Готикана (ЛП)
Одно дело читать ее досье. Услышать анализ ее врача это то, в чем он нуждался, если у них имелся хоть какой-то шанс на будущее.
— Если бы вы спросили меня несколько лет назад, может ли параноидальный шизофреник вырастить ребенка в одиночку, не повредив его психику, я бы сказал «нет», — начал доктор. — Но Селеста Клемм не только воспитала Корвину сама, она была достаточно разумна, чтобы зарабатывать на жизнь, обучать ее на дому, учить всему, что ей нужно, чтобы быть самодостаточной, все время справляясь со своим собственным недиагностированным состоянием. Это одна из самых необычных вещей, которые я когда-либо слышал. Но с другой стороны, материнский инстинкт всегда был чем-то недоученным. Это очень сложный случай.
Вад кивнул, желая, чтобы доктор продолжил, желая, чтобы он добрался до гребаной точки и сказал ему, что с ней все в порядке.
— Корвина сейчас в полном порядке, — сказал доктор Детта, возвращая воздух в легкие Вада.
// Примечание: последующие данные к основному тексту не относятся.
(* Let $\alpha>-1$ and let $n\ge 0$ be an integer. The matrix $\big((\alpha+1)_{j+k}\big)_{j,k=0}^{n}$ is invertible and \[ \big((\alpha+1)_{j+k}\big)_{j,k=0}^{n}{}^{-1}=\left(\sum_{\ell=0}^{n}\frac{(\alpha+1)_{\ell}\,(-\ell)_{j}\,(-\ell)_{k}}{\ell!\,(\alpha+1)_{j}\,(\alpha+1)_{k}\,j!\,k!}\right)_{j,k=0}^{n}. \]
   Context: For a complex number $z$ and integer $m\ge0$, $(z)_m=z(z+1)\cdots(z+m-1)$ denotes the shifted factorial, with $(z)_0=1$ (so $(-\ell)_j=0$ when $j>\ell$). *)

From HB Require Import structures.
From mathcomp Require Import all_boot all_order all_algebra.
Set Implicit Arguments. Unset Strict Implicit. Unset Printing Implicit Defensive.
Import Order.TTheory GRing.Theory Num.Theory.
Local Open Scope ring_scope.

Definition poch {R : pzSemiRingType} (z : R) (m : nat) : R :=
  \prod_(i < m) (z + i%:R).

(* With a = alpha + 1, write the candidate inverse as
     G j k = \sum_l (a)_l/l! * u_l j * u_l k,   u_l j = (-l)_j / ((a)_j j!),
   and compute G *m H = 1 directly.  Two facts about Pochhammer symbols drive it:
   (-l)_k / k! = (-1)^k C(l,k) and (a)_(k+m) = (a)_k (a+k)_m.  They turn the
   sum over k into the alternating binomial sum
     A_l f := \sum_(k<=l) (-1)^k C(l,k) f k
   (a signed l-th finite difference) of f k = (a+k)_m, which equals
   (-1)^l m^_l (a+l)_(m-l).  The resulting sum over l is again an alternating
   binomial sum, now of l |-> C(l,j), which is (-1)^m [m = j].
   Both evaluations follow by induction on l from Pascal's recurrence
   A_(l+1) f = A_l (fun k => f k - f (k+1)). *)

From HB Require Import structures.
From mathcomp Require Import all_boot all_order all_algebra ring.
Set Implicit Arguments. Unset Strict Implicit. Unset Printing Implicit Defensive.
Import Order.TTheory GRing.Theory Num.Theory.
Local Open Scope ring_scope.

Section Pochhammer.
Variable R : comPzRingType.
Implicit Types (z : R) (k l m : nat).

Lemma poch0 z : poch z 0 = 1.
Proof. by rewrite /poch big_ord0. Qed.

Lemma pochS z m : poch z m.+1 = poch z m * (z + m%:R).
Proof. by rewrite /poch big_ord_recr. Qed.

Lemma pochSl z m : poch z m.+1 = z * poch (z + 1) m.
Proof.
rewrite /poch big_ord_recl addr0; congr (_ * _); apply: eq_bigr => i _.
by rewrite lift0 -natr1 addrA addrAC.
Qed.

Lemma pochD z k m : poch z (k + m) = poch z k * poch (z + k%:R) m.
Proof.
elim: m => [|m IH]; first by rewrite addn0 poch0 mulr1.
by rewrite addnS !pochS IH mulrA natrD addrA.
Qed.

Lemma poch_neg_nat l k :
  poch (- l%:R) k = (-1) ^+ k * 'C(l, k)%:R * k`!%:R :> R.
Proof.
rewrite -mulrA -natrM bin_ffact.
elim: k => [|k IH]; first by rewrite poch0 ffactn0 mulr1.
rewrite pochS IH ffactnSr natrM exprS.
case: (leqP k l) => hk; last by rewrite ffact_small // !(mulr0, mul0r).
by rewrite natrB //; ring.
Qed.

Lemma poch_diff z m :
  poch z m.+1 - poch (z + 1) m.+1 = - (m.+1%:R * poch (z + 1) m).
Proof. by rewrite pochSl pochS -natr1; ring. Qed.

End Pochhammer.
Arguments poch_neg_nat {R} l k.

Lemma poch_gt0 (R : numDomainType) (z : R) m : 0 < z -> 0 < poch z m.
Proof.
move=> z_gt0; elim: m => [|m IH]; first by rewrite poch0.
by rewrite pochS mulr_gt0 // ltr_wpDr.
Qed.

Section AlternatingBinomialSum.
Variable R : pzRingType.
Implicit Types (f : nat -> R) (j l m N : nat).

Definition altsum l f : R := \sum_(k < l.+1) (-1) ^+ k * 'C(l, k)%:R * f k.

(* Terms with k > l vanish, so any longer range of summation gives the same sum. *)
Lemma altsum_widen N l f : (l < N)%N ->
  \sum_(k < N) (-1) ^+ k * 'C(l, k)%:R * f k = altsum l f.
Proof.
move=> lt_lN; rewrite /altsum.
rewrite (big_ord_widen _ (fun k => (-1) ^+ k * 'C(l, k)%:R * f k) lt_lN).
rewrite [RHS]big_mkcond /=.
by apply: eq_bigr => k _; case: ltnP => // hk; rewrite bin_small // mulr0 mul0r.
Qed.

Lemma altsum_ext l f g : f =1 g -> altsum l f = altsum l g.
Proof. by move=> efg; apply: eq_bigr => k _; rewrite efg. Qed.

Lemma altsum0 l : altsum l (fun=> 0) = 0.
Proof. by rewrite /altsum big1 // => k _; rewrite mulr0. Qed.

Lemma altsumZ l c f : altsum l (fun k => c * f k) = c * altsum l f.
Proof.
rewrite /altsum mulr_sumr; apply: eq_bigr => k _.
have central : GRing.comm c ((-1) ^+ k * 'C(l, k)%:R).
  by apply: commrM; [apply/commrX/commrN1 | apply: commr_nat].
by rewrite mulrA -central -!mulrA.
Qed.

Lemma signed_binomial_sum_recl N l f :
  \sum_(k < N.+1) (-1) ^+ k * 'C(l, k)%:R * f k =
  f 0%N - \sum_(k < N) (-1) ^+ k * 'C(l, k.+1)%:R * f k.+1.
Proof.
rewrite big_ord_recl expr0 mul1r bin0 mul1r -sumrN; congr (_ + _).
by apply: eq_bigr => k _; rewrite lift0 exprS mulN1r !mulNr.
Qed.

(* Pascal's rule: A_(l+1) f = A_l (Delta f), with Delta f k = f k - f (k+1). *)
Lemma altsumS l f : altsum l.+1 f = altsum l (fun k => f k - f k.+1).
Proof.
have -> : altsum l (fun k => f k - f k.+1) = altsum l f - altsum l (fun k => f k.+1).
  by rewrite /altsum -sumrB; apply: eq_bigr => k _; rewrite mulrBr.
rewrite -(altsum_widen f (leqW (ltnSn l))) /altsum !signed_binomial_sum_recl.
under eq_bigr => k _ do rewrite binS natrD mulrDr mulrDl.
by rewrite big_split /= opprD addrA.
Qed.

End AlternatingBinomialSum.

Section AlternatingSumEvaluations.
Variable R : comPzRingType.

Lemma altsum_poch l (x : R) m :
  altsum l (fun k => poch (x + k%:R) m)
  = (-1) ^+ l * (m ^_ l)%:R * poch (x + l%:R) (m - l).
Proof.
elim: l x m => [|l IH] x m.
  by rewrite /altsum big_ord1 /= addr0 ffactn0 subn0 !mul1r.
rewrite altsumS.
case: m => [|m].
  rewrite (altsum_ext l (g := fun=> 0)) => [|k]; last by rewrite !poch0 subrr.
  by rewrite altsum0 ffact0n mulr0 mul0r.
rewrite (altsum_ext l (g := fun k => - m.+1%:R * poch ((x + 1) + k%:R) m)) => [|k];
  last first.
  by rewrite -natr1 addrA poch_diff mulNr addrAC.
rewrite altsumZ IH ffactSS subSS natrM exprS.
have -> : x + 1 + l%:R = x + l.+1%:R by rewrite -natr1 addrAC addrA.
ring.
Qed.

Lemma altsum_bin m j :
  altsum m (fun l => 'C(l, j)%:R) = (if m == j then (-1) ^+ m else 0) :> R.
Proof.
elim: m j => [|m IH] j.
  by rewrite /altsum big_ord1 /= mul1r mul1r; case: j.
rewrite altsumS.
case: j => [|j].
  by rewrite (altsum_ext m (g := fun=> 0)) ?altsum0 // => k; rewrite !bin0 subrr.
rewrite (altsum_ext m (g := fun k => -1 * 'C(k, j)%:R)) => [|k]; last first.
  by rewrite binS natrD opprD addrA subrr add0r mulN1r.
by rewrite altsumZ IH eqSS; case: (m == j); rewrite ?mulr0 // exprS.
Qed.

End AlternatingSumEvaluations.
Arguments altsum_bin {R} m j.

Section HankelPochhammerInverse.
Variables (F : numFieldType) (a : F).
(* a is not a non-positive integer, so no denominator below vanishes. *)
Hypothesis poch_a_neq0 : forall k, poch a k != 0.

Lemma fact_neq0 k : k`!%:R != 0 :> F.
Proof. by rewrite pnatr_eq0 -lt0n fact_gt0. Qed.

Definition hankel_poch n : 'M[F]_n.+1 := \matrix_(j, k) poch a (j + k)%N.

Definition hankel_poch_inv n : 'M[F]_n.+1 :=
  \matrix_(j, k) \sum_(l < n.+1)
    (poch a l * poch (- l%:R) j * poch (- l%:R) k) /
    (l`!%:R * poch a j * poch a k * j`!%:R * k`!%:R).

Lemma inv_term_mul_hankel l j k m :
  (poch a l * poch (- l%:R) j * poch (- l%:R) k) /
    (l`!%:R * poch a j * poch a k * j`!%:R * k`!%:R) * poch a (k + m)
  = poch a l * poch (- l%:R) j / (l`!%:R * poch a j * j`!%:R) *
    ((-1) ^+ k * 'C(l, k)%:R * poch (a + k%:R) m).
Proof.
rewrite (poch_neg_nat l k) pochD; field.
by rewrite !poch_a_neq0 !fact_neq0.
Qed.

Lemma inv_row_coeff l j m :
  poch a l * poch (- l%:R) j / (l`!%:R * poch a j * j`!%:R) *
    ((-1) ^+ l * (m ^_ l)%:R * poch (a + l%:R) (m - l))
  = (-1) ^+ j * poch a m / poch a j * ((-1) ^+ l * 'C(m, l)%:R * 'C(l, j)%:R).
Proof.
have [le_lm | lt_ml] := leqP l m; last first.
  by rewrite ffact_small // bin_small // !(mulr0, mul0r).
have -> : poch a m = poch a l * poch (a + l%:R) (m - l) by rewrite -pochD subnKC.
rewrite (poch_neg_nat l j) -bin_ffact natrM; field.
by rewrite !poch_a_neq0 !fact_neq0.
Qed.

(* G is a left inverse of H: entry (j,m) of G *m H equals
   (-1)^j (a)_m/(a)_j * A_m (l |-> C(l,j)) = (-1)^(j+m) (a)_m/(a)_j [m = j]. *)
Lemma hankel_poch_invK n : hankel_poch_inv n *m hankel_poch n = 1%:M.
Proof.
apply/matrixP => j m; rewrite !mxE.
under eq_bigr => k _ do rewrite !mxE mulr_suml.
rewrite exchange_big /=.
under eq_bigr => l _ do under eq_bigr => k _ do rewrite inv_term_mul_hankel.
under eq_bigr => l _ do rewrite -mulr_sumr
  (altsum_widen (fun k => poch (a + k%:R) m)) // altsum_poch inv_row_coeff.
rewrite -mulr_sumr (altsum_widen (fun l => 'C(l, j)%:R)) // altsum_bin.
have [<- | ne_jm] := eqVneq j m; last first.
  by rewrite ifF ?mulr0 //; apply/negbTE; rewrite eq_sym.
by rewrite ifT // mulfK // -exprD -signr_odd addnn odd_double.
Qed.

End HankelPochhammerInverse.

(* For alpha > -1 all (alpha+1)_k are positive; G *m H = 1 then gives both claims. *)
Theorem mainTheorem2 (R : realFieldType) (alpha : R) (n : nat) (halpha : -1 < alpha) :
  let H : 'M[R]_n.+1 := \matrix_(j < n.+1, k < n.+1) poch (alpha + 1) (j + k)%N in
  H \in unitmx /\
  invmx H =
    \matrix_(j < n.+1, k < n.+1)
      \sum_(l < n.+1)
        (poch (alpha + 1) l * poch (- (l%:R)) j * poch (- (l%:R)) k) /
        ((l`!)%:R * poch (alpha + 1) j * poch (alpha + 1) k * (j`!)%:R * (k`!)%:R).
Proof.
move=> H.
have poch_neq0 k : poch (alpha + 1) k != 0.
  by rewrite gt_eqF // poch_gt0 // -ltrBlDr sub0r.
have GH := hankel_poch_invK poch_neq0 n.
have [_ H_unit] := mulmx1_unit GH.
by split; last by rewrite -[LHS]mul1mx -GH mulmxK.
Qed.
Тиски на его груди слегка ослабли, челюсти разжались.
— С ней все в порядке, — выдохнул он с облегчением.
— Да, но в будущем она может и не быть в порядке, — сказал ему доктор. — Поскольку оба ее родителя шизофреники, у нее гораздо больше шансов в будущем. Я беспокоюсь главным образом о том, чтобы понять, как этот неизвестный препарат повлиял на нее, были ли вызваны им слуховые галлюцинации на крыше и могли ли они спровоцировать ее психоз. Сейчас вокруг нее слишком много переменных.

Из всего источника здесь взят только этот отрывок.